Despite the factual foundation for an estoppel, DiMauro presses the equitable defense of unclean hands to prevent the application of this doctrine of equity. The principle of unclean hands is usually applied only to prevent affirmative relief, because of some fraud or deceit relating to the matter in issue. See Precision Instrument Manufacturing Co. v. Automotive Maintenance Machinery Co., 324 U.S. 806, 65 S.Ct. 993, 89 L.Ed. 1381 (1945); cf. McGrath v. Hiiding, 41 N.Y.2d 625, 394 N.Y.S.2d 603, 363 N.E.2d 328 (1977). The fraud on which DiMauro bases her defense is the defendants’ alleged violation of the injunction against proceeding with the administration of the estate of Orazio DiMauro. It is not clear that such a fraud would pertain to the retention of securities at the behest of the beneficiary here. But the issue need not be resolved, since it has already been decided that the defendants did not act fraudulently in closing the estate in the Surrogate’s Court.

DiMauro is therefore estopped to pursue the claims presented in Counts Three, Six, Seven, Nine, and Ten. The estoppel also extends to any claims included in Counts Thirteen and Fourteen that Pavia failed to act faithfully as administrator, and that Pavia & Harcourt failed to advise the administrator with proper care, by virtue of the retention of Harvey’s Stores stock.

Mootness and Failure to State a Claim

The defendants have moved for summary judgment on Counts One, Two, and Eleven, asserting that the claims presented there have become moot since this action was begun. Count One complains of Pavia’s failure to distribute to DiMauro the assets of the estate remaining after satisfying claims- and expenses, pursuant to the order of the Bridgeport Probate Court. Since those assets have in fact been distributed, albeit after considerable dispute between the parties and after further order of this Court on June 12, 1975, the claims presented in Count One have become moot. The fact that the sum of $47,000 was withheld from distribution, as allowed in the latter order, does not alter this result. The final account to the Probate Court included the $47,000 in administrator’s commissions and lawyer’s fees as claims against the estate. Thus, the net amount available for distribution to DiMauro never included that disputed sum.

^It should be noted that the amount of money available for distribution, even at the date on which the Probate Court entered its order of distribution, was substantially less than the amount listed by that Court. The order, and the administrator’s accounting and succession tax return on which it was based, assumed an asset valuation as of the death of Orazio DiMauro.
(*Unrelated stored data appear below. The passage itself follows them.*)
(* For procedure $\mathcal{G}_{APL}(p,\mathrm{lb},\beta,\theta)$, run with any $\alpha_k\in(0,1]$ and with $\mathrm{lb}\le f^*$, the following hold: (a) $\{X'_k\}_{k\ge0}$ is a sequence of localizers of $\mathcal{L}_f(l)$; (b) $\underline f_0\le\underline f_1\le\cdots\le\underline f_k\le f^*$ and $\overline f_0\ge\overline f_1\ge\cdots\ge\overline f_k\ge f^*$ for any $k\ge1$; (c) the problem defining $x_k$ in Step 2 is always feasible unless the procedure terminates; (d) $\emptyset\ne\underline X_k\subseteq\overline X_k$ for any $k\ge1$, so Step 4 is always feasible unless the procedure terminates; (e) whenever the procedure terminates, $f(p^+)-\mathrm{lb}^+\le q\,[f(p)-\mathrm{lb}]$, where $q\equiv q(\beta,\theta):=1-(1-\theta)\min\{\beta,1-\beta\}$.
   Context: Problem: $f^*=\min_{x\in X}f(x)$, $X\subseteq\mathbb{R}^n$ nonempty convex compact, $\mathbb{R}^n$ with an arbitrary norm $\|\cdot\|$; $f:X\to\mathbb{R}$ convex with oracle returning $f(x)$ and $f'(x)\in\partial f(x)$; $h(z,x):=f(z)+\langle f'(z),x-z\rangle$; $\mathcal{L}_f(l):=\{x\in X:f(x)\le l\}$; a localizer of $\mathcal{L}_f(l)$ is a convex compact set $X'$ with $\mathcal{L}_f(l)\subseteq X'\subseteq X$. $\omega:X\to\mathbb{R}$ is a prox-function: differentiable and strongly convex with modulus $\sigma_\omega>0$, i.e. $\langle\nabla\omega(x)-\nabla\omega(z),x-z\rangle\ge\sigma_\omega\|x-z\|^2$ on $X$. Procedure $\mathcal{G}_{APL}(p,\mathrm{lb},\beta,\theta)$ ($p\in X$, $\beta,\theta\in(0,1)$, given $\alpha_k\in(0,1]$): Step 0: $x^u_0=p$, $\overline f_0=f(p)$, $\underline f_0=\mathrm{lb}$, $l=\beta\underline f_0+(1-\beta)\overline f_0$; choose $x_0\in X$ and an initial localizer $X'_0$ of $\mathcal{L}_f(l)$ (e.g. $x_0=p$, $X'_0=X$); $d_\omega(x)=\omega(x)-[\omega(x_0)+\langle\nabla\omega(x_0),x-x_0\rangle]$; $k=1$. Step 1: $x^l_k=(1-\alpha_k)x^u_{k-1}+\alpha_kx_{k-1}$, $\underline h_k=\min_{x\in X'_{k-1}}h(x^l_k,x)$ ($+\infty$ if infeasible), $\underline f_k=\max\{\underline f_{k-1},\min\{l,\underline h_k\}\}$; if $\underline f_k\ge l-\theta(l-\underline f_0)$ terminate with $p^+=x^u_{k-1}$, $\mathrm{lb}^+=\underline f_k$. Step 2: $x_k=\operatorname{argmin}_{x\in X'_{k-1}}\{d_\omega(x):h(x^l_k,x)\le l\}$. Step 3: $\overline f_k=\min\{\overline f_{k-1},f(\alpha_kx_k+(1-\alpha_k)x^u_{k-1})\}$, choose $x^u_k$ with $f(x^u_k)=\overline f_k$; if $\overline f_k\le l+\theta(\overline f_0-l)$ terminate with $p^+=x^u_k$, $\mathrm{lb}^+=\underline f_k$. Step 4: choose a closed convex set $X'_k$ with $\underline X_k\subseteq X'_k\subseteq\overline X_k$, where $\underline X_k:=\{x\in X'_{k-1}:h(x^l_k,x)\le l\}$ and $\overline X_k:=\{x\in X:\langle\nabla d_\omega(x_k),x-x_k\rangle\ge0\}$. Step 5: $k\leftarrow k+1$, go to Step 1. *)

From HB Require Import structures.
From mathcomp Require Import all_boot all_order all_algebra.
From mathcomp Require Import all_classical all_reals all_analysis.
Set Implicit Arguments. Unset Strict Implicit. Unset Printing Implicit Defensive.
Import Order.TTheory GRing.Theory Num.Theory.
Import numFieldNormedType.Exports.
Local Open Scope classical_set_scope.
Local Open Scope ring_scope.

Section APL.
Context {R : realType} {n : nat}.
Local Notation V := 'rV[R]_n.

Definition dot (u v : V) : R := \sum_(i < n) u ord0 i * v ord0 i.

Definition is_norm (N : V -> R) : Prop :=
  [/\ forall x, 0 <= N x, forall x, N x = 0 -> x = 0,
      forall (a : R) x, N (a *: x) = `|a| * N x
    & forall x y, N (x + y) <= N x + N y].

Definition cvx_set (A : set V) : Prop :=
  forall x y (t : R), A x -> A y -> 0 <= t <= 1 -> A (t *: x + (1 - t) *: y).

Definition convex_on (A : set V) (f : V -> R) : Prop :=
  forall x y (t : R), A x -> A y -> 0 <= t <= 1 ->
    f (t *: x + (1 - t) *: y) <= t * f x + (1 - t) * f y.

Definition subgrad_oracle (A : set V) (f : V -> R) (f' : V -> V) : Prop :=
  forall x y, A x -> A y -> f x + dot (f' x) (y - x) <= f y.

Definition hcut (f : V -> R) (f' : V -> V) (z x : V) : R := f z + dot (f' z) (x - z).

Definition level (A : set V) (f : V -> R) (l : R) : set V := [set x | A x /\ f x <= l].

Definition localizer (A : set V) (f : V -> R) (l : R) (X' : set V) : Prop :=
  [/\ cvx_set X', compact X', level A f l `<=` X' & X' `<=` A].

Definition prox_function (A : set V) (N : V -> R) (w : V -> R) (gw : V -> V)
  (sigma : R) : Prop :=
  [/\ 0 < sigma,
      forall x, A x -> differentiable w x /\ forall u, 'd w x u = dot (gw x) u
    & forall x z, A x -> A z -> sigma * N (x - z) ^+ 2 <= dot (gw x - gw z) (x - z)].

Definition fstar (A : set V) (f : V -> R) : R := inf [set f x | x in A].

Definition d_omega (w : V -> R) (gw : V -> V) (x0 x : V) : R :=
  w x - (w x0 + dot (gw x0) (x - x0)).
Definition grad_d_omega (gw : V -> V) (x0 x : V) : V := gw x - gw x0.

Definition qfactor (beta theta : R) : R := 1 - (1 - theta) * Num.min beta (1 - beta).

(* A trace of the procedure G_APL: the successive values of
   x^l_k, x_k, x^u_k, underline f_k, overline f_k, X'_k. *)
Record apl_trace := APLTrace {
  xl : nat -> V; xs : nat -> V; xu : nat -> V;
  flo : nat -> R; fup : nat -> R; Xp : nat -> set V }.

Variables (X : set V) (f : V -> R) (f' : V -> V) (w : V -> R) (gw : V -> V)
  (p : V) (lb beta theta : R) (alpha : nat -> R) (T : apl_trace).

(* level l = beta * underline f_0 + (1 - beta) * overline f_0 *)
Definition apl_level : R := beta * lb + (1 - beta) * f p.
Local Notation l := apl_level.

Definition apl_init : Prop :=
  [/\ xu T 0 = p, fup T 0 = f p, flo T 0 = lb, X (xs T 0) & localizer X f l (Xp T 0)].

(* v = min{l, min_{x in A} h(z, x)}, with min over the empty set = +infinity *)
Definition min_l_h (A : set V) (z : V) (v : R) : Prop :=
  (A = set0 /\ v = l) \/
  (exists y0, [/\ A y0, forall y, A y -> hcut f f' z y0 <= hcut f f' z y
                      & v = Num.min l (hcut f f' z y0)]).

(* Step 1 of iteration k (k >= 1), before the termination test *)
Definition apl_step1 (k : nat) : Prop :=
  xl T k = (1 - alpha k) *: xu T k.-1 + alpha k *: xs T k.-1 /\
  exists v, min_l_h (Xp T k.-1) (xl T k) v /\ flo T k = Num.max (flo T k.-1) v.

Definition apl_term1 (k : nat) : Prop := l - theta * (l - flo T 0) <= flo T k.

Definition ulX (k : nat) : set V := [set x | Xp T k.-1 x /\ hcut f f' (xl T k) x <= l].
Definition olX (k : nat) : set V :=
  [set x | X x /\ 0 <= dot (grad_d_omega gw (xs T 0) (xs T k)) (x - xs T k)].

Definition apl_step2 (k : nat) : Prop :=
  ulX k (xs T k) /\ forall y, ulX k y -> d_omega w gw (xs T 0) (xs T k) <= d_omega w gw (xs T 0) y.

Definition apl_step3 (k : nat) : Prop :=
  [/\ fup T k = Num.min (fup T k.-1) (f (alpha k *: xs T k + (1 - alpha k) *: xu T k.-1)),
      X (xu T k) & f (xu T k) = fup T k].

Definition apl_term3 (k : nat) : Prop := fup T k <= l + theta * (fup T 0 - l).

Definition apl_step4 (k : nat) : Prop :=
  [/\ closed (Xp T k), cvx_set (Xp T k), ulX k `<=` Xp T k & Xp T k `<=` olX k].

Definition apl_full_iter (k : nat) : Prop :=
  [/\ apl_step1 k, ~ apl_term1 k, apl_step2 k, apl_step3 k & ~ apl_term3 k /\ apl_step4 k].

Definition apl_completed (K : nat) : Prop :=
  apl_init /\ forall k, (0 < k <= K)%N -> apl_full_iter k.

End APL.

From HB Require Import structures.
From mathcomp Require Import all_boot all_order all_algebra.
From mathcomp Require Import all_classical all_reals all_analysis.
From mathcomp Require Import ring lra.
Import Order.TTheory GRing.Theory Num.Theory.
Import numFieldNormedType.Exports.
Local Open Scope classical_set_scope.
Local Open Scope ring_scope.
At the time of his death, Harvey’s Stores stock had a market value of nearly 13. At the time the Probate Court entered its order, the market value had fallen below 4. Since the stock in that one company comprised the bulk of the estate, the value of the entire estate had decreased significantly by September 19, 1972.

The retention of the stock had been brought to the attention of the Probate Court in explicit terms in the Connecticut succession tax return (since the original is filed with that Court). The assets, claims, and expenses listed in the final account were identical to those in the tax return, with the sole addition of the amount of tax computed as owing in Connecticut. “The mere fact that the account shows property on hand for distribution at a certain dollar figure does not establish a monetary liability on the fiduciary to the distributees in that amount.” G. Wilhelm, Connecticut Estates Practice: Settlement of Estates, § 319, at 448 (1974) (hereafter “Estates Practice ”). The decree settling the account establishes that the fiduciary has the items listed in his accounting, not that they carry the same value. Ibid. See also Sellew’s Appeal, 36 Conn. 186, 193 (1869); cf. Sachs v. Feinn, 121 Conn. 77, 82, 183 A. 384 (1936). Thus, in listing the amount available for final distribution, the Probate Court would have understood in this case that the property still held in kind might have a value greater or less than the dollar amount listed.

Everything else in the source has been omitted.